• **Brief**: What you return should be each line of the data containing the string "exactly".

(Collected data entries)

Lemma phi_term_sum (z : Cx) (n N : nat) : (n <= N)%nat ->
  phi z n = Cxsum (laguerre_term z n) N.
Proof.
  induction 1 as [|N HN IH].
  - apply Cxsum_ext; intros k Hk; unfold laguerre_term, laguerre_coef.
    destruct (Nat.leb_spec k n); [reflexivity|lia].
  - simpl; rewrite IH; unfold laguerre_term.
    rewrite (laguerre_coef_gt n (S N)) by lia; apply Cx_eq; simpl; ring.
Qed.

Lemma phi_0 (z : Cx) : phi z 0 = Cx1.
Proof. apply Cx_eq; simpl; unfold C; simpl; field. Qed.

Lemma phi_1 (z : Cx) : phi z 1 = Cxsub Cx1 z.
Proof. apply Cx_eq; simpl; unfold C; simpl; field. Qed.

Definition laguerre_recurrence (z : Cx) (f : nat -> Cx) : Prop :=
  forall m : nat,
    Cxmul (RtoCx (INR (S m) + 1)) (f (S (S m))) =
    Cxsub (Cxmul (Cxsub (RtoCx (2 * INR (S m) + 1)) z) (f (S m)))
          (Cxmul (RtoCx (INR (S m))) (f m)).

Lemma phi_recurrence (z : Cx) : laguerre_recurrence z (phi z).
Proof.
  intros m.
  (* Re-index z phi_z(m+1) so that all four sums run to m+2 with aligned powers. *)
  pose proof (Cxsum_mul_shift z (laguerre_term z (S m)) (S m)) as Hz.
  rewrite <- phi_term_sum in Hz by lia.
  transitivity (Cxsub (Cxsub (Cxmul (RtoCx (2 * INR (S m) + 1)) (phi z (S m)))
                             (Cxmul z (phi z (S m))))
                      (Cxmul (RtoCx (INR (S m))) (phi z m))); [|ring].
  rewrite Hz, !(phi_term_sum z _ (S (S m))) by lia.
  rewrite <- !Cxsum_scal, <- !Cxsum_sub.
  apply Cxsum_ext; intros [|j] _; unfold laguerre_term; cbn [Cxpow].
  - rewrite !laguerre_coef_0; apply Cx_eq; simpl; ring.
  - pose proof (f_equal RtoCx (laguerre_coef_rec m j)) as Hc.
    rewrite RtoCx_sub, RtoCx_add, !RtoCx_mul in Hc.
    transitivity (Cxmul (Cxmul (RtoCx (INR (S m) + 1)) (RtoCx (laguerre_coef (S (S m)) (S j))))
                        (Cxmul (Cxopp z) (Cxpow (Cxopp z) j))); [ring|].
    rewrite Hc; ring.
Qed.

Definition is_Cxlim_seq (a : nat -> Cx) (l : Cx) : Prop :=
  is_lim_seq (fun n => Cxnorm2 (Cxsub (a n) l)) 0.

Lemma Cxnorm2_add_le (p q : Cx) : Cxnorm2 (Cxadd p q) <= 2 * (Cxnorm2 p + Cxnorm2 q).
Proof.
  destruct p as [a b], q as [c d]; unfold Cxnorm2; simpl.
  pose proof (pow2_ge_0 (a - c)); pose proof (pow2_ge_0 (b - d)); nra.
Qed.
(* Let $G$ and $H$ be word-representable graphs, with $H$ rooted at some vertex. Then $l(G \circ H) \le |H|\,l(G) + |G|\,l(H) + (|H|-1)\kappa_G$, where $\kappa_G$ is the size of a maximum clique of $G$.
   Context: All graphs are simple and undirected; $|G|$ denotes the number of vertices of $G$. Letters $x,y$ alternate in a word $w$ if deleting all other letters from $w$ yields $xyxy\ldots$ or $yxyx\ldots$ (of either parity). A word $w$ over $V(G)$ represents $G$ if every vertex occurs in $w$ and for all distinct $x,y$, $xy\in E(G)$ iff $x,y$ alternate in $w$; $G$ is word-representable if such a word exists, and $l(G)$ is the minimum length of a word representing $G$. For a graph $G$ and a rooted graph $H$, the rooted product $G\circ H$ is obtained by taking $|V(G)|$ disjoint copies of $H$, one for each vertex $v$ of $G$, and identifying each vertex $v$ of $G$ with the root of its copy of $H$. *)

From Stdlib Require Import ClassicalEpsilon.
From mathcomp Require Import all_boot.
Set Implicit Arguments. Unset Strict Implicit. Unset Printing Implicit Defensive.

Definition simple_graph (T : finType) (e : rel T) : Prop :=
  symmetric e /\ irreflexive e.

(* x and y alternate in w: deleting all other letters yields an alternating word,
   i.e. no two consecutive letters of the restriction are equal. *)
Definition alternate (T : eqType) (w : seq T) (x y : T) : bool :=
  sorted (fun a b => a != b) (filter (fun z => (z == x) || (z == y)) w).

Definition represents (T : finType) (e : rel T) (w : seq T) : bool :=
  [forall x, x \in w] &&
  [forall x, forall y, (x != y) ==> (e x y == alternate w x y)].

Definition word_representable (T : finType) (e : rel T) : Prop :=
  exists w : seq T, represents e w.

Definition repr_of_length (T : finType) (e : rel T) (n : nat) : bool :=
  [exists t : n.-tuple T, represents e t].

(* l(G): the minimum length of a word representing G (0 if G is not
   word-representable; only used for word-representable graphs). *)
Definition wr_length (T : finType) (e : rel T) : nat :=
  match excluded_middle_informative (exists n, repr_of_length e n) with
  | left H => ex_minn H
  | right _ => 0
  end.

Definition is_clique (T : finType) (e : rel T) (A : {set T}) : bool :=
  [forall x in A, forall y in A, (x != y) ==> e x y].

Definition clique_number (T : finType) (e : rel T) : nat :=
  \max_(A : {set T} | is_clique e A) #|A|.

(* Rooted product G o H: vertex (v, u) is the copy of u in the copy of H
   attached at v; vertex v of G is identified with (v, r). *)
Definition rooted_product (T U : finType) (eG : rel T) (eH : rel U) (r : U)
  : rel (T * U) :=
  fun p q =>
    ((p.1 == q.1) && eH p.2 q.2) ||
    [&& p.2 == r, q.2 == r & eG p.1 q.1].

From Stdlib Require Import ClassicalEpsilon.
From mathcomp Require Import all_boot.
Set Implicit Arguments. Unset Strict Implicit. Unset Printing Implicit Defensive.

(* Let a represent G and b represent H, and let c be the number of occurrences
   of the root r in b.  Appending copies of undup w to a representing word w
   preserves the represented graph, so a (undup a)^c represents G and contains
   each vertex v exactly d_v + c times, d_v being its multiplicity in a; and
   b (undup b)^d_v, followed by the part of undup b before r when d_v = 1,
   represents H and contains r exactly c + d_v times.  Cut the latter word into
   c + d_v blocks with one r each and substitute them, tagged with v, for the
   successive occurrences of v in a (undup a)^c.  Restricted to one copy of H
   or to the roots, the result gives back the two words.  A letter (v, u) with
   u <> r does not alternate with any letter of another copy, because one block
   of copy v contains u twice.  The length is |H||a| + |G||b| plus at most
   |H| - 1 for each v with d_v = 1, and such letters of a form a clique. *)

Lemma filter_pred1_nseq (T : eqType) (s : seq T) x :
  filter (pred1 x) s = nseq (count_mem x s) x.
Proof.
rewrite -size_filter; apply/all_pred1P.
by rewrite all_filter; apply/allP => z /=; rewrite implybb.
Qed.

Lemma undup_cat_flatten_nseq_undup (T : eqType) (w : seq T) k :
  undup (w ++ flatten (nseq k (undup w))) = undup w.
Proof.
case: k => [|k]; first by rewrite cats0.
rewrite undup_cat undup_flatten_nseq // (undup_id (undup_uniq w)).
rewrite (@eq_in_filter _ _ pred0) ?filter_pred0 // => x.
by rewrite mem_undup /= mem_cat mem_undup => ->.
Qed.

Lemma flatten_nseq_rot (A : Type) (p q : seq A) n :
  flatten (nseq n.+1 (p ++ q)) = p ++ flatten (nseq n (q ++ p)) ++ q.
Proof.
elim: n => [|n IH]; first by rewrite /= !cats0.
have flatten_nseqS k s : flatten (nseq k.+1 s) = s ++ flatten (nseq k s) by [].
by rewrite flatten_nseqS IH flatten_nseqS -!catA.
Qed.

Lemma sum_count_eq_size (A : Type) (I : finType) (f : A -> I) (s : seq A) :
  \sum_(i : I) count (fun z => f z == i) s = size s.
Proof.
elim: s => [|z s IH] /=; first by rewrite big1.
rewrite big_split /= IH (bigD1 (f z)) //= eqxx big1 // => i /negbTE.
by rewrite eq_sym => ->.
Qed.

Section Alternate.
Variable T : eqType.
Implicit Types (w s : seq T) (x y : T).

Lemma alternateC w x y : alternate w x y = alternate w y x.
Proof. by rewrite /alternate; congr sorted; apply: eq_filter => z; rewrite orbC. Qed.

Lemma alternate_catl w s x y : alternate (w ++ s) x y -> alternate w x y.
Proof.
rewrite /alternate filter_cat; case: (filter _ w) => //= z f.
by rewrite cat_path => /andP[].
Qed.

Lemma alternate_filter (p : pred T) w x y :
  p x -> p y -> alternate (filter p w) x y = alternate w x y.
Proof.
move=> px py; rewrite /alternate -filter_predI; congr sorted; apply: eq_filter => z /=.
case: (z =P x) => [->|_]; first by rewrite px orTb.
by case: (z =P y) => [->|_]; rewrite ?py ?andbF.
Qed.

Lemma alternate_map (S : eqType) (f : T -> S) w x y :
  injective f -> alternate (map f w) (f x) (f y) = alternate w x y.
Proof.
move=> f_inj; rewrite /alternate filter_map sorted_map.
rewrite (eq_filter (a2 := fun z => (z == x) || (z == y))) => [|z].
  by case: (filter _ w) => //= z f'; apply: eq_path => u v /=; rewrite inj_eq.
by rewrite /= !inj_eq.
Qed.

Lemma alternate_infix_count s w x y :
  infix s w -> 1 < count_mem x s -> y \notin s -> ~~ alternate w x y.
Proof.
case/infixP=> [w1 [w2 ->]] cx yNs; rewrite /alternate !filter_cat.
have -> : filter (fun z => (z == x) || (z == y)) s = nseq (count_mem x s) x.
  rewrite -filter_pred1_nseq; apply: eq_in_filter => z zs.
  have zy : (z == y) = false by apply: contraNF yNs => /eqP <-.
  by rewrite zy orbF.
case: (count_mem x s) cx => [|[|n]] //= _.
case: (filter _ w1) => [|z f] /=; first by rewrite eqxx.
by rewrite cat_path /= eqxx !andbF.
Qed.

(* undup keeps the last occurrence of each letter, so the restriction of
   undup w to {x, y} consists of the last two letters of the restriction of w. *)
Lemma alternate_cat_take_undup w j x y : x != y -> x \in w -> y \in w ->
  alternate w x y -> alternate (w ++ take j (undup w)) x y.
Proof.
move=> nxy xw yw; rewrite /alternate filter_cat.
set P := fun z => (z == x) || (z == y).
have [k ->] : exists k, filter P (take j (undup w)) = take k (filter P (undup w)).
  exists (size (filter P (take j (undup w)))).
  by rewrite -{3}(cat_take_drop j (undup w)) filter_cat take_size_cat.
rewrite filter_undup; set F := filter P w.
have xF : x \in F by rewrite mem_filter /P eqxx xw.
have yF : y \in F by rewrite mem_filter /P eqxx orbT yw.
have PF : {subset F <= [:: x; y]} by move=> z; rewrite mem_filter !inE => /andP[].
case/lastP E: F xF yF PF => [|F1 l] //; case/lastP: F1 E => [|F' o] E.
  by rewrite !inE => /eqP xl /eqP yl; rewrite xl yl eqxx in nxy.
rewrite -cats1 -cats1 -catA /= => _ _ PF altF.
have /= /andP[nol _] := suffix_sorted (suffix_suffix F' [:: o; l]) altF.
have [_ ol_xy] : (size [:: o; l] = size [:: x; y]) * ([:: o; l] =i [:: x; y]).
  apply: uniq_min_size => [|z zol|] //=; first by rewrite inE nol.
  by apply: PF; rewrite mem_cat zol orbT.
have -> : undup (F' ++ [:: o; l]) = [:: o; l].
  rewrite undup_cat (@undup_id _ [:: o; l]) /= ?inE ?nol //.
  rewrite (@eq_in_filter _ _ pred0) ?filter_pred0 // => z.
  by rewrite mem_undup /= ol_xy => zF; rewrite PF // mem_cat zF.
move: altF; rewrite -catA /= !sorted_cat_cons /= nol => /andP[-> _].
by case: k => [|[|k]] //=; rewrite eq_sym nol.
Qed.
End Alternate.

Section Represents.
Variables (T : finType) (e : rel T).
Implicit Types (w s : seq T) (x y : T).

Lemma represents_mem w x : represents e w -> x \in w.
Proof. by case/andP=> /forallP. Qed.

Lemma represents_edge w x y : represents e w -> x != y -> e x y = alternate w x y.
Proof. by case/andP=> _ /forallP/(_ x)/forallP/(_ y)/implyP H /H/eqP. Qed.

Lemma represents_catr w s : represents e w ->
  (forall x y, x != y -> alternate w x y -> alternate (w ++ s) x y) ->
  represents e (w ++ s).
Proof.
move=> Rw ext; apply/andP; split.
  by apply/forallP => x; rewrite mem_cat represents_mem.
apply/forallP => x; apply/forallP => y; apply/implyP => nxy.
rewrite (represents_edge Rw nxy); apply/eqP; apply/idP/idP; first exact: ext.
exact: alternate_catl.
Qed.

Lemma represents_cat_take_undup w j :
  represents e w -> represents e (w ++ take j (undup w)).
Proof.
move=> Rw; apply: represents_catr => // x y nxy.
by apply: alternate_cat_take_undup; rewrite ?represents_mem.
Qed.

Lemma represents_cat_flatten_nseq_undup w k j : represents e w ->
  represents e (w ++ flatten (nseq k (undup w)) ++ take j (undup w)).
Proof.
move=> Rw; rewrite catA -{2}(undup_cat_flatten_nseq_undup w k).
apply: represents_cat_take_undup; elim: k => [|k IHk]; first by rewrite cats0.
rewrite -addn1 nseqD flatten_cat /= cats0 catA.
have := represents_cat_take_undup (size (undup w)) IHk.
by rewrite undup_cat_flatten_nseq_undup take_size.
Qed.

Lemma represents_clique_once w :
  represents e w -> is_clique e [set x | count_mem x w == 1].
Proof.
move=> Rw; apply/forallP => x; apply/implyP; rewrite inE => /eqP cx.
apply/forallP => y; apply/implyP; rewrite inE => /eqP cy; apply/implyP => nxy.
rewrite (represents_edge Rw nxy) /alternate; set F := filter _ w.
have sizeF : size F = 2.
  rewrite size_filter; have := count_predUI (pred1 x) (pred1 y) w.
  rewrite cx cy (@eq_count _ (predI _ _) pred0) ?count_pred0 ?addn0 => [E|z].
    exact: E.
  by apply/negbTE/andP => -[/eqP-> /eqP xy]; rewrite xy eqxx in nxy.
have xF : x \in F by rewrite mem_filter eqxx represents_mem.
have yF : y \in F by rewrite mem_filter eqxx orbT represents_mem.
case: F sizeF xF yF => [|z1 [|z2 []]] //= _; rewrite !inE andbT.
by case/orP=> /eqP xz /orP[]/eqP yz; move: nxy; rewrite xz yz ?eqxx // eq_sym.
Qed.

Lemma represents_count_gt0 w x : represents e w -> 0 < count_mem x w.
Proof. by rewrite -has_count has_pred1; apply: represents_mem. Qed.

• **Your solution**:
   each vertex v exactly d_v + c times, d_v being its multiplicity in a; and
   represents H and contains r exactly c + d_v times.  Cut the latter word into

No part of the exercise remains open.